I lavori prevedono l’allargamento della strada in modo da renderla percorribile ad alta velocità e, cosa ancora più preoccupante, la costruzione di nuovi tratti ed addirittura di tunnel e viadotti su fiumi in un’area protetta di grande pregio quale il Parco Nazionale del Pollino, il Sito di Importanza Comunitario “Valle del Fiume Lao” oltre che la Zona di Protezione Speciale “Pollino e Orsomarso”.

Da qui l’interrogazione della “Rete Difesa del Territorio”: “L’Ente parco proteggerà i boschi da Papasidero a Mormanno o anche questa volta chiuderà gli occhi?”

Anche il WWF e gli ambientalisti del tirreno, lanciarono l’allarme su tale opera, a questi si era affiancata l’Associazione “Italia Nostra” che nel 2007 scriveva: “A prima vista sembra una strada importante per i paesi dell’interno quali Papasidero, Mormanno, Santa Domenica Talao, ed invece come avvenuto in altri luoghi questi paesi verranno solo bypassati per consentire una nuova uscita autostradale che collegherà l’autostrada del sole con il tirreno cosentino. La solita idea di cosiddetto “sviluppo sostenibile” che servirà solo a far incolonnare le frotte di turisti estivi verso il mare. Chi dovrebbe fermarsi a Papasidero se non il solito amante della natura che proprio perché amante della natura preferirà la vecchia strada statale ricca di panorami, di scorci del fiume Lao, di piccole discese verso il fiume, di piccole soste con acqua da sorgenti ancora incontaminate.”

Il vecchio Touring Club spiegava ai propri lettori la strada così:“Da Scalea una bella strada, parte sul fondo, parte nei fianchi della valle del Lao, attraversa una zona così tipicamente alpestre da non fare presumere la vicinanza del mare, e conduce a Mormanno, sulla via statale delle Calabrie” (Touring Club Italiano, primi del ’900). 

“Una bella strada” scrivevano quelli del Touring Club. E bella ed affascinante dovrebbe rimanere.

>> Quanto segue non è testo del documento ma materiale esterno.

Definition superder (p : bool) (D : Alg -> Alg) : Prop :=
  (forall f, wf f -> wf (D f)) /\
  (forall f g, wf f -> wf g -> D (sym_add f g) = sym_add (D f) (D g)) /\
  (forall c f, wf f -> D (sym_scale c f) = sym_scale c (D f)) /\
  (forall q f g, wf f -> wf g -> homog q f ->
     D (sym_mul f g) = sym_add (sym_mul (D f) g) (sym_scale ((-1) ^+ (p && q)) (sym_mul f (D g)))).

(* identification U ~ degree one part of A: an element t of U, written
   sum c_{kl} v_{kl} + d_{kl} w_{kl}, is sent to sum c_{kl} x_{kl} + d_{kl} y_{kl};
   here c_{kl} = (coefficient of e_k (x) e_l in t) / (1 + zeta) and
   d_{kl} = (coefficient of e_k (x) f_l in t) / (1 + zeta). *)
Definition iotaU (zeta : C) (t : tens) : Alg := fun m =>
  match m with
  | ([:: kl], [::]) => t ((false, kl.1), (false, kl.2)) / (1 + zeta)
  | ([::], [:: kl]) => t ((false, kl.1), (true, kl.2)) / (1 + zeta)
  | _ => 0
  end.

Definition extends_on_U (zeta : C) (g1 g2 : qelt) (D : Alg -> Alg) : Prop :=
  forall k l, D (X k l) = iotaU zeta (actV zeta g1 g2 k l) /\
              D (Y k l) = iotaU zeta (actW zeta g1 g2 k l).

End QueerSym.

(* The ideal m is the ideal of the point x_ij = delta_ij, y_ij = 0.  A superderivation D maps
   m into itself as soon as it maps every generator of m into the linear span of the generators:
   m is spanned by products c g with g a generator, and D (c g) = (D c) g +- c (D g).  Since D
   extends the action on U, D x_kl and D y_kl are linear forms in the x_ij and y_ij, and such a
   form is a combination of the generators x_ij - delta_ij, y_ij iff its value at the point, the
   trace of its x-coefficients, vanishes.  For (tau g, g) with g = [[a, b], [-b, a]] these traces
   are (1 + zeta) (a_kl - a_kl) on v_kl and ((1 + zeta) - zeta (1 - zeta)) b_kl = (1 + zeta^2) b_kl
   on w_kl, both zero. *)

From mathcomp Require Import all_boot all_algebra.
From mathcomp Require Import reals.
From mathcomp.real_closed Require Import complex.
From mathcomp Require Import zify ring.
From Stdlib Require Import FunctionalExtensionality.
From Stdlib Require Lists.List.
Import GRing.Theory.
Local Open Scope ring_scope.
Set Implicit Arguments.
Unset Strict Implicit.

Lemma big_seq_only (T : eqType) (V : nmodType) (r : seq T) x (F : T -> V) :
  uniq r -> x \in r -> (forall y, y \in r -> y != x -> F y = 0) ->
  \sum_(y <- r) F y = F x.
Proof.
move=> r_uniq xr F0; rewrite (bigD1_seq x) //= big1_seq ?addr0 //.
by move=> y /andP [yx yr]; apply: F0.
Qed.
Arguments big_seq_only {T V r} x {F}.

Lemma sum_neq0P (T : eqType) (V : nmodType) (r : seq T) (F : T -> V) :
  \sum_(x <- r) F x != 0 -> exists2 x, x \in r & F x != 0.
Proof.
move=> hF; apply/hasP; apply: contraNT hF => /hasPn F0.
by rewrite big1_seq // => x /andP [_ /F0 /negPn /eqP].
Qed.

Lemma Forall_map_all (T U : Type) (P : U -> Prop) (f : T -> U) (s : seq T) :
  (forall x, P (f x)) -> List.Forall P (map f s).
Proof. by move=> Pf; elim: s => [|x s IH] /=; constructor. Qed.

Section SuperPolynomials.
Variable R : realType.
Local Notation C := (R[i]).
Local Notation Alg := (Alg R).
Local Notation sym_one := (@sym_one R).
Local Notation sym_zero := (@sym_zero R).
Local Notation sym_sum := (@sym_sum R).
Implicit Types (f g h : Alg) (c : C).

Lemma sym_add0 f : sym_add f sym_zero = f.
Proof. by apply: functional_extensionality => m; rewrite /sym_add addr0. Qed.

Lemma sym_addA f g h : sym_add f (sym_add g h) = sym_add (sym_add f g) h.
Proof. by apply: functional_extensionality => m; rewrite /sym_add addrA. Qed.

Lemma sym_sum_cat s1 s2 : sym_sum (s1 ++ s2) = sym_add (sym_sum s1) (sym_sum s2).
Proof.
elim: s1 => [|f s IH] /=; last by rewrite IH sym_addA.
by apply: functional_extensionality => m; rewrite /sym_add add0r.
Qed.

Lemma sym_sumE s m : sym_sum s m = \sum_(f <- s) f m.
Proof. by elim: s => [|f s IH]; rewrite ?big_nil ?big_cons //= /sym_add IH. Qed.

Lemma sym_scale0 c : sym_scale c sym_zero = sym_zero.
Proof. by apply: functional_extensionality => m; rewrite /sym_scale mulr0. Qed.

Lemma sym_scaleDr c f g :
  sym_scale c (sym_add f g) = sym_add (sym_scale c f) (sym_scale c g).
Proof. by apply: functional_extensionality => m; rewrite /sym_scale /sym_add mulrDr. Qed.

Lemma sym_mulDl f1 f2 g :
  sym_mul (sym_add f1 f2) g = sym_add (sym_mul f1 g) (sym_mul f2 g).
Proof.
apply: functional_extensionality => m; rewrite /sym_mul /sym_add.
case: (canon m); last by rewrite addr0.
rewrite -big_split; apply: eq_bigr => sp _; rewrite -big_split.
by apply: eq_bigr => mu _; rewrite mulrDr mulrDl.
Qed.

Lemma sym_mulDr f g1 g2 :
  sym_mul f (sym_add g1 g2) = sym_add (sym_mul f g1) (sym_mul f g2).
Proof.
apply: functional_extensionality => m; rewrite /sym_mul /sym_add.
case: (canon m); last by rewrite addr0.
rewrite -big_split; apply: eq_bigr => sp _; rewrite -big_split.
by apply: eq_bigr => mu _; rewrite mulrDr.
Qed.

Lemma sym_mul0r f : sym_mul f sym_zero = sym_zero.
Proof.
apply: functional_extensionality => m; rewrite /sym_mul /sym_zero.
by case: (canon m) => //; rewrite big1 // => sp _; rewrite big1 // => mu _; rewrite mulr0.
Qed.

Lemma sym_scale_mull c f g : sym_scale c (sym_mul f g) = sym_mul (sym_scale c f) g.
Proof.
apply: functional_extensionality => m; rewrite /sym_mul /sym_scale.
case: (canon m); last by rewrite mulr0.
rewrite mulr_sumr; apply: eq_bigr => sp _; rewrite mulr_sumr.
by apply: eq_bigr => mu _; rewrite !mulrA [c * _]mulrC.
Qed.

Lemma sym_mulZr f c g : sym_mul f (sym_scale c g) = sym_mul (sym_scale c f) g.
Proof.
apply: functional_extensionality => m; rewrite /sym_mul /sym_scale.
case: (canon m) => //; apply: eq_bigr => sp _; apply: eq_bigr => mu _.
by rewrite mulrCA !mulrA [c * _]mulrC.
Qed.

Lemma mem_allmasks n mu : (mu \in allmasks n) = (size mu == n).
Proof.
elim: n mu => [|n IH] [|b mu] //=; rewrite cats0 mem_cat.
  by apply/norP; split; apply/mapP => -[].
rewrite eqSS -IH; have cons_inj b0 : injective (cons b0) by move=> s t [].
have [t_notin_f f_notin_t] : (true :: mu \notin [seq false :: s | s <- allmasks n])
   /\ (false :: mu \notin [seq true :: s | s <- allmasks n]).
  by split; apply/mapP => -[].
by case: b; rewrite mem_map ?(negbTE t_notin_f) ?(negbTE f_notin_t) ?orbF //; apply: cons_inj.
Qed.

“Ma ora – spiegava sempre Italia Nostra – sarà completamente abbandonata per far posto a cavalcavia, a gallerie, a sventramenti. La nuova strada dal costo complessivo di 100.000 euro avrà inizio in questi giorni. Il bando per l’inizio della pratiche di esproprio è stato già pubblicato. La delibera è stata approvata dalla Giunta provinciale del 12 gennaio 2006. La provincia ne è l’ente attuatore.  I finanziamenti giungono attraverso il Programma quadro sulle infrastrutture attuato dal Governo e dalla Regione Calabria. Il primo lotto è di 10 milioni di euro ed i lavori inizieranno dalla parte più “facile” che è da Scalea all’altezza dei Silos sul fiume Lao di fronte l’aviosuperficie.

La strada attraverserà il territorio di Santa Domenica Talao, Papasidero e infine dovrebbe giungere a Mormanno. Ma la strada e qui sta la prima “stranezza” non percorrerà la vecchia 504, che parte da Scalea e va verso S.Domenica T., anche se nel bando è scritto “lavori di adeguamento dell’ex 504 Scalea – Mormanno. La strada partirà, molto più a sud, e precisamente dalla foce del fiume Lao, lo costeggerà per qualche chilometro poi piegherà verso Santa Domenica T. riprendendo una vecchia strada che attraversa una bellissima e lunga querceta. La strada sarà larga 9 metri e calcolando i bordi laterali si arriverà ad una larghezza massima di 15 metri”.

Nonostante le battaglie e le proteste, il progetto per la realizzazione del primo lotto arrivò alla consulta tecnica Regionale (Co.te.r.) in data 13 settembre 2008 e fu approvato. Si è proceduto, dunque, all’esproprio ed all’approvazione del progetto definitivo ai fini della dichiarazione di pubblica utilità da parte della Provincia.

Poi un periodo di silenzio, non se ne parlò fino al 2013 quando per il primo lotto funzionale per unire Scalea a Santa Domenica Talao qualcosa cominciò a muoversi; venne finanziato con fondi APQ con delibera CIPE n° 138/2002 per un valore di 10 milioni di euro, ma restò bloccato alla Regione Calabria.

Oggi dovrebbero riprendere i lavori; anche stavolta i gruppi si dividono in favorevoli e contrari, tra quest’ultimi la “Rete Difesa del Territorio” che proprio non ci sta e lancia l’appello all’Ente parco affinché si faccia avanti per bloccare il tutto.